Instructions to follow
Somewhere below is a line with "Lemma spectral_diag_root2 n" and, later, a line with "by case/orP => /eqP; [left | right]."; repeat those two lines and all the lines between them, exactly as they are.

[Records from a collection]
§

Lemma psd_mx_diag_ge0 n (A : 'M[C]_n) j :
  (forall u : 'rV[C]_n, 0 <= (u *m A *m u ^t*) 0 0) -> 0 <= A j j.
Proof.
move=> A_psd; have := A_psd (delta_mx 0 j).
have -> : (delta_mx 0 j : 'rV[C]_n) ^t* = delta_mx j 0.
  by apply/matrixP => a b; rewrite !mxE rmorph_nat andbC.
by rewrite -rowE -colE !mxE.
Qed.

Lemma spectral_diag_root2 n (A : 'M[C]_n) (a b : C) :
  A \is normalmx -> (A - a%:M) *m (A - b%:M) = 0 ->
  forall i, spectral_diag A 0 i = a \/ spectral_diag A 0 i = b.
Proof.
move=> /orthomx_spectralP A_spec ab_root i.
set P := spectralmx A; set d := spectral_diag A.
have P_unit : P \in unitmx by exact: spectral_unit.
have conj_shift c : diag_mx d - c%:M = P *m (A - c%:M) *m invmx P.
  rewrite mulmxBr mulmxBl mul_mx_scalar -scalemxAl mulmxV // scalemx1.
  by rewrite A_spec !mulmxA mulmxV // mul1mx -mulmxA mulmxV // mulmx1.
have : (diag_mx d - a%:M) *m (diag_mx d - b%:M) = 0.
  rewrite !conj_shift -!mulmxA (mulmxA (invmx P)) mulVmx // mul1mx.
  by rewrite !mulmxA -(mulmxA P) ab_root mulmx0 mul0mx.
move/matrixP => /(_ i i); rewrite !mxE (bigD1 i) //= big1 ?addr0.
  rewrite !mxE eqxx mulr1n => /eqP; rewrite mulf_eq0 !subr_eq0.
  by case/orP => /eqP; [left | right].
by move=> j /negbTE ji; rewrite !mxE ji eq_sym ji mulr0n !subr0 mul0r.
Qed.

(* On a normal matrix with two eigenvalues, any function agrees on the
   spectrum with an affine one, so the functional calculus is affine. *)
Lemma mx_fun_affine (f : R -> R) n (A : 'M[C]_n) (a b al be : R) :
  A \is normalmx -> (A - a%:C%:M) *m (A - b%:C%:M) = 0 ->
  f a = al + be * a -> f b = al + be * b ->
  mx_fun f A = al%:C%:M + be%:C *: A.
Proof.
move=> A_normal ab_root fa fb.
have f_spec i : (f (complex.Re (spectral_diag A 0 i)))%:C = al%:C + be%:C * spectral_diag A 0 i.
  by have [|] := spectral_diag_root2 A_normal ab_root i => ->;
    rewrite /= ?fa ?fb rmorphD rmorphM.
move/orthomx_spectralP: A_normal => A_spec; rewrite /mx_fun.
have -> : diag_mx (\row_i (f (complex.Re (spectral_diag A 0 i)))%:C) =
          al%:C%:M + be%:C *: diag_mx (spectral_diag A).
  apply/matrixP => i j; rewrite !mxE f_spec.
  by case: (i == j); rewrite ?mulr1n ?mulr0n ?mulr0 ?addr0.
rewrite mulmxDr mulmxDl -scalemxAr -scalemxAl -A_spec.
by rewrite mul_mx_scalar -scalemxAl mulVmx ?spectral_unit // scalemx1.
Qed.

Definition plus_state : 'M[C]_2 := const_mx 2^-1.

Definition diag2 (a b : R) : 'M[C]_2 :=
  diag_mx (\row_j (if j == 0 then a%:C else b%:C)).

Lemma plus_state_density : density_mx plus_state.
Proof.
rewrite /plus_state.
split; first by apply/matrixP => i j; rewrite !mxE fmorphV rmorph_nat.
split; last first.
  rewrite /mxtrace !big_ord_recr big_ord0 /= !mxE add0r.
  by rewrite -[in RHS](@divff _ 2) ?pnatr_eq0 // mulr_natl mulr2n.
move=> u; have -> : (u *m plus_state *m u ^t*) 0 0 =
    2^-1 * ((\sum_j u 0 j) * (\sum_j u 0 j)^*).
  rewrite !mxE rmorph_sum.
  under eq_bigr do rewrite !mxE.
  under eq_bigr do under eq_bigr do rewrite mxE.
  rewrite !big_distrr /=; apply: eq_bigr => j _.
  by rewrite -big_distrl /= mulrCA mulrA.
by apply: mulr_ge0; [rewrite invr_ge0 ler0n | exact: mul_conjC_ge0].
Qed.

Lemma plus_state_normal : plus_state \is normalmx.
Proof. by case: plus_state_density => herm _; apply/normalmxP; rewrite -herm. Qed.

Lemma plus_state_idem : plus_state *m plus_state = plus_state.
Proof.
apply/matrixP => i j; rewrite !mxE !big_ord_recr big_ord0 /= !mxE add0r.
by field.
Qed.

(* The pure state has eigenvalues 0 and 1, and the library's [ln 0 = 0]
   coincides with [ln 1]; this realises the convention [0 log 0 = 0]. *)
Lemma logm_plus_state : logm plus_state = 0.
Proof.
have root01 : (plus_state - 0%:C%:M) *m (plus_state - 1%:C%:M) = 0.
  by rewrite raddf0 subr0 mulmxBr mulmx1 plus_state_idem subrr.
rewrite /logm (mx_fun_affine plus_state_normal root01 (al := 0) (be := 0)).
- by rewrite raddf0 scale0r addr0.
- by rewrite ln0 // mul0r addr0.
- by rewrite ln1 mul0r addr0.
Qed.

Lemma diag2_herm a b : (diag2 a b)^t* = diag2 a b.
Proof.
apply/matrixP => i j; rewrite !mxE; have [->|ji] := eqVneq j i.
  by rewrite !mulr1n; case: (i == 0); exact: conjc_real.
by rewrite !mulr0n conjC0.
Qed.

Lemma diag2_density a b : 0 <= a -> 0 <= b -> a + b = 1 -> density_mx (diag2 a b).
Proof.
move=> a_ge0 b_ge0 ab1; split; first by rewrite diag2_herm.
split.
  by move=> u; apply: psd_diag_mx => j; rewrite mxE; case: ifP; rewrite ler0c.
by rewrite /mxtrace !big_ord_recr big_ord0 /= !mxE add0r -rmorphD ab1.
Qed.

Lemma diag2_normal a b : diag2 a b \is normalmx.
Proof. by apply/normalmxP; rewrite diag2_herm. Qed.

Lemma affine_interpolation (f : R -> R) (a b : R) :
  exists al be, f a = al + be * a /\ f b = al + be * b.
Proof.
have [->|ab] := eqVneq a b; first by exists (f b), 0; rewrite mul0r addr0.
exists (f a - (f a - f b) / (a - b) * a), ((f a - f b) / (a - b)).
by split; [rewrite subrK | field; rewrite subr_eq0].
Qed.

Lemma mx_fun_diag2 f a b : mx_fun f (diag2 a b) = diag2 (f a) (f b).
Proof.
have [al [be [fa fb]]] := affine_interpolation f a b.
have root_ab : (diag2 a b - a%:C%:M) *m (diag2 a b - b%:C%:M) = 0.
  apply/matrixP => i j; rewrite !mxE (bigD1 i) //= big1 ?addr0 => [|k /negbTE ki].
    rewrite !mxE eqxx; case: (i == j); case: (i == 0);
      by rewrite ?subrr ?mulr0n ?mul0r ?mulr0.
  by rewrite !mxE [i == k]eq_sym ki !mulr0n subr0 mul0r.
rewrite (mx_fun_affine (diag2_normal a b) root_ab fa fb).
apply/matrixP => i j; rewrite !mxE; case: (i == j); rewrite ?mulr0n ?mulr0 ?addr0 //.
by case: (i == 0); rewrite !mulr1n ?fa ?fb rmorphD rmorphM.
Qed.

§

Solution to this exercise
Lemma spectral_diag_root2 n (A : 'M[C]_n) (a b : C) :
  A \is normalmx -> (A - a%:M) *m (A - b%:M) = 0 ->
  forall i, spectral_diag A 0 i = a \/ spectral_diag A 0 i = b.
Proof.
move=> /orthomx_spectralP A_spec ab_root i.
set P := spectralmx A; set d := spectral_diag A.
have P_unit : P \in unitmx by exact: spectral_unit.
have conj_shift c : diag_mx d - c%:M = P *m (A - c%:M) *m invmx P.
  rewrite mulmxBr mulmxBl mul_mx_scalar -scalemxAl mulmxV // scalemx1.
  by rewrite A_spec !mulmxA mulmxV // mul1mx -mulmxA mulmxV // mulmx1.
have : (diag_mx d - a%:M) *m (diag_mx d - b%:M) = 0.
  rewrite !conj_shift -!mulmxA (mulmxA (invmx P)) mulVmx // mul1mx.
  by rewrite !mulmxA -(mulmxA P) ab_root mulmx0 mul0mx.
move/matrixP => /(_ i i); rewrite !mxE (bigD1 i) //= big1 ?addr0.
  rewrite !mxE eqxx mulr1n => /eqP; rewrite mulf_eq0 !subr_eq0.
  by case/orP => /eqP; [left | right].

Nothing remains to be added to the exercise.